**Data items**
━━━
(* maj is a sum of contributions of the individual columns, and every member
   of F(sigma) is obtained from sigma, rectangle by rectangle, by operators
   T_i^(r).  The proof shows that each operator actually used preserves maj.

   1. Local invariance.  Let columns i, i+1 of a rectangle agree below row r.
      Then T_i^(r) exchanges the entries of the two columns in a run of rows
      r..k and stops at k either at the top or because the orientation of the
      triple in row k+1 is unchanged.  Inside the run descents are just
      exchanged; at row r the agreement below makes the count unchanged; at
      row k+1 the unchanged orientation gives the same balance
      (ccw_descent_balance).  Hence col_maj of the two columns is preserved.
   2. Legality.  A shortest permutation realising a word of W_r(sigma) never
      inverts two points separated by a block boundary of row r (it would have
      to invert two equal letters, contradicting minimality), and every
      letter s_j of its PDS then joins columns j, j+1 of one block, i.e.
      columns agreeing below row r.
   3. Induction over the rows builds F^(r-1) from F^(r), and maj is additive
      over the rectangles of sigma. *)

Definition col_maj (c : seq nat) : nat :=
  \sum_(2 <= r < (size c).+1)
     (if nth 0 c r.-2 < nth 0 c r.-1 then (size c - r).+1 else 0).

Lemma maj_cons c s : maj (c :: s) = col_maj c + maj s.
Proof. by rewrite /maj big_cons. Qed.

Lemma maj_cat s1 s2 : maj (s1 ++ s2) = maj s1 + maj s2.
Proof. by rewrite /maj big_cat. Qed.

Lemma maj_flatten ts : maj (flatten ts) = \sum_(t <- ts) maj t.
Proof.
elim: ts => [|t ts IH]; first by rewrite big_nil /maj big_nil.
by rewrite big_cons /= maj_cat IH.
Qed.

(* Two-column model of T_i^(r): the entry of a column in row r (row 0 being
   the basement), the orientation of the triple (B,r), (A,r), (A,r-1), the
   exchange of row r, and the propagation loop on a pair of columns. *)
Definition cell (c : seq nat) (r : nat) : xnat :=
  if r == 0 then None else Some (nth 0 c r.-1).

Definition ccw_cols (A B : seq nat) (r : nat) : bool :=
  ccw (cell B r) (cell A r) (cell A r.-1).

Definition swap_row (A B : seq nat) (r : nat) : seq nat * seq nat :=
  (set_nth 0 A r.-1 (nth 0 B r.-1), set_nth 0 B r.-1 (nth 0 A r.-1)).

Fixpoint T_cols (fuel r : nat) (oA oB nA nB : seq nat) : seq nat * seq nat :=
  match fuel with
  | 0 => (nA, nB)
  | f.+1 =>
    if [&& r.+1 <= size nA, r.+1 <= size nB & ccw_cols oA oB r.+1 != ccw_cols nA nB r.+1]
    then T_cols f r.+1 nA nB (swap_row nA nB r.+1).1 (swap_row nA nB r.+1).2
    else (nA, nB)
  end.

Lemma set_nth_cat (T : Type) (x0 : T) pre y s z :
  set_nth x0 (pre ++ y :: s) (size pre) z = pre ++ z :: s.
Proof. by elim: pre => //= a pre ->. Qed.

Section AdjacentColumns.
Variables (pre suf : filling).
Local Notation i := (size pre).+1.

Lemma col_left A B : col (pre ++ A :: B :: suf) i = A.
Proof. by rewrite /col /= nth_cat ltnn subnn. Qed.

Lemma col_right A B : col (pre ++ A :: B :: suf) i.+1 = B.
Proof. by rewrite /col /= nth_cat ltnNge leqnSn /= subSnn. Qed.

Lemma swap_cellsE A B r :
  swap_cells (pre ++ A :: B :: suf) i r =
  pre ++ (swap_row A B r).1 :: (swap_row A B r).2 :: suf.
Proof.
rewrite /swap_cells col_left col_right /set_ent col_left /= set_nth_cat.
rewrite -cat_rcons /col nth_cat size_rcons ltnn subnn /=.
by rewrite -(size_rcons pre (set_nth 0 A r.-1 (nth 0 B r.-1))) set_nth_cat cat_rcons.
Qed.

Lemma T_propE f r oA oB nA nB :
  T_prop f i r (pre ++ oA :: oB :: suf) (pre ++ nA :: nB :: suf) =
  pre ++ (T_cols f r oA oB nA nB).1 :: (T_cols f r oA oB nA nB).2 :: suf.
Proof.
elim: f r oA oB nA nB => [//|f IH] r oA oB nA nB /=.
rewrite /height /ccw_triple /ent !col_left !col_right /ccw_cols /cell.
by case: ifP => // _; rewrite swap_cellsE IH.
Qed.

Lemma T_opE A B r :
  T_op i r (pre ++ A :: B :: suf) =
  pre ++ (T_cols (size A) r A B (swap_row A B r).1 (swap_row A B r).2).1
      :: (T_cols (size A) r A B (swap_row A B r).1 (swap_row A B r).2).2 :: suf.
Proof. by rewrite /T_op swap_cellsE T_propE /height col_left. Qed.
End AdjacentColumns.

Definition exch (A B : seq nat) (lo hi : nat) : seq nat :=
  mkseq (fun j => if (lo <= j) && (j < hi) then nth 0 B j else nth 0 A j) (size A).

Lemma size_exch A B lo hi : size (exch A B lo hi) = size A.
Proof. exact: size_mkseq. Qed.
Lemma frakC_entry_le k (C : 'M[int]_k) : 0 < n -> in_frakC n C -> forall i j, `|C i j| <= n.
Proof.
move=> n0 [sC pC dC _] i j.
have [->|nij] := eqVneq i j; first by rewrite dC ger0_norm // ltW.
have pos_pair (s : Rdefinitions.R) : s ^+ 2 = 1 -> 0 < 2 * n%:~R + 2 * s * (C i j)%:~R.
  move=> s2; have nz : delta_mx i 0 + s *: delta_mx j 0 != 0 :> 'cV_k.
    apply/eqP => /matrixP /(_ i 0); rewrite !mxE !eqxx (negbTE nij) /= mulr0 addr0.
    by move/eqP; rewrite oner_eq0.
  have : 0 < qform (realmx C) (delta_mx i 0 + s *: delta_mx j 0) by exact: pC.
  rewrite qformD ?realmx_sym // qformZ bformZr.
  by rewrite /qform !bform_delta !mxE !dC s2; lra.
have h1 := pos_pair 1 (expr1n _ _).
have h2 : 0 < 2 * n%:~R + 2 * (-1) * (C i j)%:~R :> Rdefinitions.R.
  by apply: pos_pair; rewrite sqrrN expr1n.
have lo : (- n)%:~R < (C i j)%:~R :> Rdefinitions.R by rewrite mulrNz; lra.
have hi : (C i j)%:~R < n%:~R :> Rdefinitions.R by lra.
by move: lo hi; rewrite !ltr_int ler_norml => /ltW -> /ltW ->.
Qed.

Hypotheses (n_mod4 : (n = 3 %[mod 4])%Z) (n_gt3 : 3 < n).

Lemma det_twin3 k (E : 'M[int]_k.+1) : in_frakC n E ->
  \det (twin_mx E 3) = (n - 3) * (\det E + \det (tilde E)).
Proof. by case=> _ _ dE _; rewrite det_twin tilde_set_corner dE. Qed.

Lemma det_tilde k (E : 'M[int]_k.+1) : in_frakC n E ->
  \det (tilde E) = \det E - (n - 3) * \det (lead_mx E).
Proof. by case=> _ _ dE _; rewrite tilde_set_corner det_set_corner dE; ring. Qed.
━━━
**Brief**
Look over the data above and show each line that contains "orientation".

**Written response**
      r..k and stops at k either at the top or because the orientation of the
      row k+1 the unchanged orientation gives the same balance
   the basement), the orientation of the triple (B,r), (A,r), (A,r-1), the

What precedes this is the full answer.